Le couronnement du réalisateur dissident Jafar Panahi à Cannes suscite une crise diplomatique entre l’Iran et la France.

Titre : Tensions entre l’Iran et la France après le prix de Cannes décerné à un réalisateur opposant
L’Iran a convoqué le chargé d’affaires de l’ambassade de France à Téhéran pour protester contre des déclarations jugées "volées" de Paris après le couronnement du réalisateur opposant Jafar Panahi par la Palme d’Or lors du Festival de Cannes, rapporte-t-on dans les médias officiels dimanche.
Panahi, âgé de 64 ans, a remporté le prix samedi pour son film "Juste un Incident", qui aborde le dilemme des anciens prisonniers tentant de se venger de leurs bourreaux, critiquant ainsi directement le comportement arbitraire des forces de sécurité.
En défiant les lois de la République islamique, plusieurs actrices ont fait leur apparition sans voile.
Le ministre des Affaires étrangères français, Jean-Noël Barbier, a critiqué dans un post sur la plateforme X la République islamique après la récompense attribuée à Panahi.
Barbier a déclaré : "Dans un acte de résistance contre la répression du régime iranien, Jafar Panahi a remporté la Palme d’Or, ce qui apporte de l’espoir à tous les militants pour la liberté partout dans le monde."
L’agence de presse de la République islamique (IRNA) a indiqué qu’ "à la suite des déclarations offensantes et des accusations infondées lancées par le ministre des Affaires étrangères français contre l’Iran, le chargé d’affaires à Téhéran a été convoqué au ministère".
De plus, le ministère iranien des Affaires étrangères a dénoncé "l’abus du gouvernement français" du Festival de Cannes "pour promouvoir son agenda politique contre la République islamique".
Aucun responsable n’a commenté dimanche la victoire de Panahi, qui est le deuxième Iranien à remporter un prix au Festival de Cannes, après Abbas Kiarostami pour "Le Goût de la cerise" en 1997.

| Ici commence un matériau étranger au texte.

(* Let $K$ be a field of characteristic $0$, $W_n=K[x_1,\dots,x_n]\langle D_{x_1},\dots,D_{x_n}\rangle$ the Weyl algebra, and $S\subseteq\{1,\dots,n\}$ non-empty. For each $j\in S$ let $L_j=\sum_{k=0}^{r_j}\ell_{j,k}D_{x_j}^k\in K[x_1,\dots,x_n]\langle D_{x_j}\rangle$ with $\ell_{j,r_j}\ne0$ and $\max_k\operatorname{tdeg}(\ell_{j,k})=d_j$. Define $C=\operatorname{lcm}_{j\in S}(\ell_{j,r_j})$, $\tilde L_j=(C/\ell_{j,r_j})L_j$, $d_C=\sum_{j\in S}d_j$, $B=\prod_{j\in S}\{0,1,\dots,r_j-1\}\subseteq\mathbb N^S$, $J=\sum_{j\in S}W_n\tilde L_j$, and for $d\in\mathbb N$, $r\in\mathbb Z$, $$\mathcal H_{d,r}=\bigoplus_{\beta\in\mathbb N^S:\ |\beta|\le r\ \text{or}\ \beta\in B}K[x_1,\dots,x_n]_{\le d}\,D_S^\beta,\qquad D_S^\beta=\prod_{j\in S}D_{x_j}^{\beta_j}.$$ Then for all $u,t\in\mathbb N$ and $v\in\mathbb Z$ with $u\ge v$, one has $C^u\mathcal H_{t,v}\subseteq\mathcal H_{t+ud_C,0}+J$. In particular, for every $\alpha\in\mathbb N^S$, $C^{|\alpha|}D_S^\alpha\in\mathcal H_{|\alpha|d_C,0}+J$.
   Context: $K[x_1,\dots,x_n]_{\le d}$ denotes the polynomials of total degree at most $d$; in $\mathcal H_{d,r}$ polynomial coefficients are written to the left of the monomials $D_S^\beta$. $C^u\mathcal H_{t,v}$ denotes the set of products $C^uh$ in $W_n$ with $h\in\mathcal H_{t,v}$; $J$ is the left ideal of $W_n$ generated by the $\tilde L_j$, $j\in S$. $\operatorname{tdeg}$ is total degree. *)

From HB Require Import structures.
From mathcomp Require Import all_boot all_order all_algebra.
From mathcomp Require Import mpoly.
Set Implicit Arguments. Unset Strict Implicit. Unset Printing Implicit Defensive.
Import Order.TTheory GRing.Theory Num.Theory.
Local Open Scope ring_scope.

(* The Weyl algebra W_n = K[x_1..x_n]<D_{x_1},..,D_{x_n}> is realised as the
   algebra of differential operators with polynomial coefficients acting on
   K[x_1..x_n] (faithful in characteristic 0). *)

Section Weyl.
Variables (K : fieldType) (n : nat).

Definition wop_t := {mpoly K[n]} -> {mpoly K[n]}.

(* the operator  sum_{(p,beta) in s} p * D^beta ;
   D^beta = prod_i D_{x_i}^{beta_i} is the parallel derivative p^`M[beta] *)
Definition wop (s : seq ({mpoly K[n]} * 'X_{1..n})) : wop_t :=
  fun f => \sum_(pb <- s) pb.1 * f^`M[pb.2].

(* total degree of p is <= d (msize p = 1 + tdeg p, msize 0 = 0) *)
Definition tdeg_le (d : nat) (p : {mpoly K[n]}) : bool := (msize p <= d.+1)%N.

(* total degree tdeg p (with the convention tdeg 0 = 0) *)
Definition tdeg (p : {mpoly K[n]}) : nat := (msize p).-1.

(* beta is a multi-index in N^S (zero outside S) *)
Definition suppS (S : {set 'I_n}) (b : 'X_{1..n}) : bool :=
  [forall i, (i \notin S) ==> (b i == 0%N)].

Definition inB (S : {set 'I_n}) (r : 'I_n -> nat) (b : 'X_{1..n}) : bool :=
  [forall i, (i \in S) ==> (b i < r i)%N].

Definition inH (S : {set 'I_n}) (r : 'I_n -> nat) (d : nat) (z : int)
  (A : wop_t) : Prop :=
  exists s, A = wop s /\
    all (fun pb => [&& tdeg_le d pb.1, suppS S pb.2 &
                       ((mdeg pb.2)%:Z <= z) || inB S r pb.2]) s.

Definition Lop (l : 'I_n -> nat -> {mpoly K[n]}) (r : 'I_n -> nat) (j : 'I_n)
  : wop_t :=
  wop [seq (l j k, (U_(j) *+ k)%MM) | k <- iota 0 (r j).+1].

Definition inJ (S : {set 'I_n}) (Lt : 'I_n -> wop_t) (A : wop_t) : Prop :=
  exists s : 'I_n -> seq ({mpoly K[n]} * 'X_{1..n}),
    A = fun f => \sum_(j in S) wop (s j) (Lt j f).

Definition mdvd (a b : {mpoly K[n]}) : Prop := exists q, b = q * a.

Definition is_lcm (S : {set 'I_n}) (a : 'I_n -> {mpoly K[n]}) (C : {mpoly K[n]})
  : Prop :=
  (forall j, j \in S -> mdvd (a j) C) /\
  (forall M, (forall j, j \in S -> mdvd (a j) M) -> mdvd C M).

Definition dj (l : 'I_n -> nat -> {mpoly K[n]}) (r : 'I_n -> nat) (j : 'I_n)
  : nat := \max_(k < (r j).+1) tdeg (l j k).

Definition dC (S : {set 'I_n}) (l : 'I_n -> nat -> {mpoly K[n]})
  (r : 'I_n -> nat) : nat := (\sum_(j in S) dj l r j)%N.

End Weyl.

From HB Require Import structures.
From mathcomp Require Import all_boot all_order all_algebra.
From mathcomp Require Import mpoly.
From mathcomp Require Import ring zify.
From Stdlib Require Import FunctionalExtensionality.
Set Implicit Arguments. Unset Strict Implicit. Unset Printing Implicit Defensive.
Import Order.TTheory GRing.Theory Num.Theory.
Local Open Scope ring_scope.

(* A term p D^g with |g| <= u + 1 is either already in H
   (|g| = 0 or g in B) or has g_j >= r_j for some j in S; write
   g = r_j e_j + g'.  By Leibniz, D^g' C = C D^g' + lower order terms, and
   C D^(r_j e_j) = Lt_j - sum_(k < r_j) q_j l_(j,k) D^(k e_j), so that
   C^(u+1) p D^g is an element of J plus terms C^u p' D^g'' with |g''| <= u
   and tdeg p' <= tdeg p + d_C, which are handled by induction.  The bounds
   tdeg C <= d_C and tdeg (q_j l_(j,k)) <= d_C come from
   C | prod_i l_(i,r_i) and q_j | prod_(i <> j) l_(i,r_i). *)

Section Degree.
Variables (K : fieldType) (n : nat).
Implicit Types (p c : {mpoly K[n]}).

Lemma msize_mderiv i p : (msize p^`M(i) <= msize p)%N.
Proof.
rewrite [X in (X <= _)%N]msizeE; apply/bigmax_leqP_seq => m Hm _.
have: p@_(m + U_(i)) != 0.
  move: Hm; rewrite mcoeff_msupp mcoeff_mderiv.
  by apply: contra => /eqP ->; rewrite mul0rn.
by rewrite -mcoeff_msupp => /msize_mdeg_lt; rewrite mdegD mdeg1 addn1 => /ltnW.
Qed.

Lemma tdeg_leW a b p : (a <= b)%N -> tdeg_le a p -> tdeg_le b p.
Proof. by move=> le_ab /leq_trans; apply. Qed.

Lemma tdeg_le_tdeg p : tdeg_le (tdeg p) p.
Proof. exact: leqSpred. Qed.

Lemma tdeg_le_mderiv d i p : tdeg_le d p -> tdeg_le d p^`M(i).
Proof. exact: leq_trans (msize_mderiv i p). Qed.

Lemma tdeg_leN d p : tdeg_le d (- p) = tdeg_le d p.
Proof. by rewrite /tdeg_le msizeN. Qed.

Lemma tdeg_leM a b p c : tdeg_le a p -> tdeg_le b c -> tdeg_le (a + b) (p * c).
Proof.
rewrite /tdeg_le => Hp Hc.
have [->|p_neq0] := eqVneq p 0; first by rewrite mul0r msize0.
have [->|c_neq0] := eqVneq c 0; first by rewrite mulr0 msize0.
have p_gt0 : (0 < msize p)%N by rewrite lt0n msize_poly_eq0.
have c_gt0 : (0 < msize c)%N by rewrite lt0n msize_poly_eq0.
rewrite msizeM // -subn1 leq_subLR.
apply: leq_trans (leq_add Hp Hc) _; lia.
Qed.

Lemma tdeg_leX d u c : tdeg_le d c -> tdeg_le (u * d) (c ^+ u).
Proof.
move=> Hc; elim: u => [|u IHu]; first by rewrite expr0 /tdeg_le msize1.
by rewrite exprS mulSn; apply: tdeg_leM.
Qed.

Lemma tdeg_le_prod (I : Type) (s : seq I) (P : pred I) (F : I -> {mpoly K[n]})
    (d : I -> nat) :
  (forall i, P i -> tdeg_le (d i) (F i)) ->
  tdeg_le (\sum_(i <- s | P i) d i) (\prod_(i <- s | P i) F i).
Proof.
move=> HF; elim/big_rec2: _ => [|i e p Pi Hp]; first by rewrite /tdeg_le msize1.
exact: tdeg_leM (HF i Pi) Hp.
Qed.

Lemma tdeg_le_mdvd d (a b : {mpoly K[n]}) :
  b != 0 -> mdvd a b -> tdeg_le d b -> tdeg_le d a.
Proof.
move=> b_neq0 [c def_b]; apply: leq_trans.
have [->|a_neq0] := eqVneq a 0; first by rewrite msize0.
have c_neq0 : c != 0 by apply: contraNneq b_neq0 => c0; rewrite def_b c0 mul0r.
have c_gt0 : (0 < msize c)%N by rewrite lt0n msize_poly_eq0.
by rewrite def_b msizeM // addnC -subn1 -addnBA // leq_addr.
Qed.

End Degree.

Section Operators.
Variables (K : fieldType) (n : nat).
Local Notation P := {mpoly K[n]}.
Implicit Types (p a : P) (s : seq (P * 'X_{1..n})).

Lemma wop_nil (f : P) : wop [::] f = 0.
Proof. exact: big_nil. Qed.

Lemma wop_cons pb s (f : P) : wop (pb :: s) f = pb.1 * f^`M[pb.2] + wop s f.
Proof. exact: big_cons. Qed.

Lemma wop_cat s1 s2 (f : P) : wop (s1 ++ s2) f = wop s1 f + wop s2 f.
Proof. exact: big_cat. Qed.

Lemma wop_opp s (f : P) : wop [seq (- pb.1, pb.2) | pb <- s] f = - wop s f.
Proof. by rewrite /wop big_map -sumrN; apply: eq_bigr => pb _; rewrite mulNr. Qed.

Lemma mulr_wop_mderivm p m s (f : P) :
  p * wop s f^`M[m] = wop [seq (p * pb.1, (m + pb.2)%MM) | pb <- s] f.
Proof.
rewrite /wop big_map mulr_sumr; apply: eq_bigr => pb _.
by rewrite mderivmDm mulrA.
Qed.

Lemma mdeg_gt0_lepU (g : 'X_{1..n}) : (0 < mdeg g)%N -> exists i, (U_(i) <= g)%MM.
Proof.
rewrite lt0n mdegE sum_nat_eq0 => /forallPn [i]; rewrite negb_imply => /andP [_ gi].
exists i; apply/mnm_lepP => j; rewrite mnm1E.
by have [<-|] := eqVneq i j; rewrite // lt0n.
Qed.

Lemma mdeg_mulU (j : 'I_n) k : mdeg (U_(j) *+ k)%MM = k.
Proof. by rewrite mdegMn mdeg1 mul1n. Qed.

Lemma lepm_mulU (j : 'I_n) k (g : 'X_{1..n}) : (k <= g j)%N -> (U_(j) *+ k <= g)%MM.
Proof.
move=> le_k_gj; apply/mnm_lepP => i; rewrite mulmnE mnm1E.
by case: eqP => [<-|]; rewrite ?mul1n.
Qed.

Panahi, qui a régulièrement critiqué le gouvernement, a été emprisonné à deux reprises en Iran, la première fois durant 86 jours en 2010, et la seconde durant près de sept mois entre 2022 et 2023, période durant laquelle il a effectué une grève de la faim pour obtenir sa libération.
L’agence de presse Fars, qui est conservatrice, a estimé que le choix du jury du festival français était politique.
Les journaux réformistes "Etemad", "Shargh" et "Ham Mihan" ont publié la nouvelle de la victoire de Panahi sur leurs sites Internet, sans commentaires, mais n’ont pas relayé l’information dans leurs éditions papier.
La chaîne de télévision officielle a ignoré la victoire de Panahi, se concentrant sur le Festival du Film de la Résistance, qui récompense les œuvres soutenant les Palestiniens ou traitant de la guerre Iran-Irak (1980-1988).
Panahi est l’une des figures marquantes du cinéma iranien, ses œuvres ayant continuellement remporté des prix dans les plus grands festivals, de Cannes à Venise en passant par Berlin.
Le réalisateur devrait revenir en Iran dimanche.
Dans une interview accordée à l’AFP, Panahi a déclaré : "L’important est que le film a été réalisé. Je n’ai pas pensé à ce qui pourrait se passer ensuite. Je me sens vivant tant que je fais des films. Si je ne fais pas de films, cela ne m’importe plus ce qui m’arrivera."
Il a ajouté dans l’entretien que le retour "ne l’effraie pas" du tout.